# What is expected:
Exactly reproduce the data from its first line through the line with "is_min_exists (ex_intro (fun", leaving out every line after it.

# Data entries:
━━━━━━━━━━━━━━━━

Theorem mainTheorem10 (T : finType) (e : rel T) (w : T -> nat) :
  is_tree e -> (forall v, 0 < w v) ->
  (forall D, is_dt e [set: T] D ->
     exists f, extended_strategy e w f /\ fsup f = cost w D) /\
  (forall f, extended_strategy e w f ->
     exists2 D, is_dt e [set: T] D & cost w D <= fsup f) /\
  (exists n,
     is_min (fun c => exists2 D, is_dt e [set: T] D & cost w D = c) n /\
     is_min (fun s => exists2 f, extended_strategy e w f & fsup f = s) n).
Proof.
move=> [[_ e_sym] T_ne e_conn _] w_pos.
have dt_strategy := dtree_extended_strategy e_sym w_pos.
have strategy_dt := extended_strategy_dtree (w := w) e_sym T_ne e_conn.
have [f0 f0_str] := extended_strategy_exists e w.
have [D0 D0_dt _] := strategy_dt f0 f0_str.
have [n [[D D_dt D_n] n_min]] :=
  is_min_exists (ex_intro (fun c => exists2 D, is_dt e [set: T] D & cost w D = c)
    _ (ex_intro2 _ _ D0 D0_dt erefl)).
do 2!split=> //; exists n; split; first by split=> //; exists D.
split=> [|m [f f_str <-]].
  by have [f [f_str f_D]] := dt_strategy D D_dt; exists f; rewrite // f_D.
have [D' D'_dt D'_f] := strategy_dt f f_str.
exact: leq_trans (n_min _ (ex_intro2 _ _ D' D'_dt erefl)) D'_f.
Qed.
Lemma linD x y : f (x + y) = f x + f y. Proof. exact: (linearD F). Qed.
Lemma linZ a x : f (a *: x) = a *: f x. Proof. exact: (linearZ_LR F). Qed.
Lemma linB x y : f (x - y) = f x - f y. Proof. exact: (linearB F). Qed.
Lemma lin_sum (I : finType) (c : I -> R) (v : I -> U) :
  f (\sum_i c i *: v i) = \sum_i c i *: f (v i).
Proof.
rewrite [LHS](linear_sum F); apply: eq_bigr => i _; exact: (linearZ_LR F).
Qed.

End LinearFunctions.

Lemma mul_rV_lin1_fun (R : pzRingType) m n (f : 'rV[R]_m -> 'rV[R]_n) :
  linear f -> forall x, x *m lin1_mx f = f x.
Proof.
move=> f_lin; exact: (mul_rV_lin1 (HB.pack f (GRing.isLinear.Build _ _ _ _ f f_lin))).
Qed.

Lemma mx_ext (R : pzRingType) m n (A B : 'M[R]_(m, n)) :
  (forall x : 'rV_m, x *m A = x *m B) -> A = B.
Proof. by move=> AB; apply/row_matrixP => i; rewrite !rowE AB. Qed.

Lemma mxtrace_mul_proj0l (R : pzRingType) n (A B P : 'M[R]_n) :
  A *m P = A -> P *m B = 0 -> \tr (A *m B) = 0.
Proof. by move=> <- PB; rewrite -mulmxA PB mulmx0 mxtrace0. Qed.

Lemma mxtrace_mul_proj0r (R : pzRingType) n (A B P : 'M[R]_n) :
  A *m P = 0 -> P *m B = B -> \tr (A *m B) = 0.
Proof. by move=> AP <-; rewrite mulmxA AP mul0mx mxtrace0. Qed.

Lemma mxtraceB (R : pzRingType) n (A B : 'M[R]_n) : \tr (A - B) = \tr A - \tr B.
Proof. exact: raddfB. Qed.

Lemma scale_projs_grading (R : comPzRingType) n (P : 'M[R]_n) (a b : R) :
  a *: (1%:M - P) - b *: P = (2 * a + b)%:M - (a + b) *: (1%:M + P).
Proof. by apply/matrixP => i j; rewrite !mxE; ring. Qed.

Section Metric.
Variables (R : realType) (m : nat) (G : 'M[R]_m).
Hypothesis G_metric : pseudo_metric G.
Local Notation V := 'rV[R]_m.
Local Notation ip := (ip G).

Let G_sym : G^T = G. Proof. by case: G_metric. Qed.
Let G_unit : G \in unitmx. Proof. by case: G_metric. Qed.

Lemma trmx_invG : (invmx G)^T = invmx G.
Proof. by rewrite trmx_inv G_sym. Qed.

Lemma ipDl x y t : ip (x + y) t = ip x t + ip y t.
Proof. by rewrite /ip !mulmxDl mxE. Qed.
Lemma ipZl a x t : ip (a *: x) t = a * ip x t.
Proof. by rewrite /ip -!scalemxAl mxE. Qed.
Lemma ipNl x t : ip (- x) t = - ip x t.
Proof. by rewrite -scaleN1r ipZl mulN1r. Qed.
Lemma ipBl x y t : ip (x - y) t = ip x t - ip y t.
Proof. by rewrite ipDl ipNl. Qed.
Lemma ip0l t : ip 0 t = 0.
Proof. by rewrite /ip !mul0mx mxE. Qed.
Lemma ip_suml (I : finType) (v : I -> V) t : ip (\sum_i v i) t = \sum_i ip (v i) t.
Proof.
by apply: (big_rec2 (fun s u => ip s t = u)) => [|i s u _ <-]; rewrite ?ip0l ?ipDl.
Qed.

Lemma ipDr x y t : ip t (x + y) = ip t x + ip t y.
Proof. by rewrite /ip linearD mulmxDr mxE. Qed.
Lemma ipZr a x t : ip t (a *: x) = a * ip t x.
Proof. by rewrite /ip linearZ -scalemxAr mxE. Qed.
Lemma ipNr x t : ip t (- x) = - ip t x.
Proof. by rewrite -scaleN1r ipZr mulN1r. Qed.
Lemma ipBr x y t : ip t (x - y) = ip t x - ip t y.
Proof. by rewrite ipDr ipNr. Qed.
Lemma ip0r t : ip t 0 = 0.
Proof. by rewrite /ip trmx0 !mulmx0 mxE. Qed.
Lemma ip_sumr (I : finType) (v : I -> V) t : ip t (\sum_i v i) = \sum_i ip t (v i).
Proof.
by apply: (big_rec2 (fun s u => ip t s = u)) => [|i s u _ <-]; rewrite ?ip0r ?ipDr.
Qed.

━━━━━━━━━━━━━━━━

# Result of this exercise:
Theorem mainTheorem10 (T : finType) (e : rel T) (w : T -> nat) :
  is_tree e -> (forall v, 0 < w v) ->
  (forall D, is_dt e [set: T] D ->
     exists f, extended_strategy e w f /\ fsup f = cost w D) /\
  (forall f, extended_strategy e w f ->
     exists2 D, is_dt e [set: T] D & cost w D <= fsup f) /\
  (exists n,
     is_min (fun c => exists2 D, is_dt e [set: T] D & cost w D = c) n /\
     is_min (fun s => exists2 f, extended_strategy e w f & fsup f = s) n).
Proof.
move=> [[_ e_sym] T_ne e_conn _] w_pos.
have dt_strategy := dtree_extended_strategy e_sym w_pos.
have strategy_dt := extended_strategy_dtree (w := w) e_sym T_ne e_conn.
have [f0 f0_str] := extended_strategy_exists e w.
have [D0 D0_dt _] := strategy_dt f0 f0_str.
have [n [[D D_dt D_n] n_min]] :=
  is_min_exists (ex_intro (fun c => exists2 D, is_dt e [set: T] D & cost w D = c)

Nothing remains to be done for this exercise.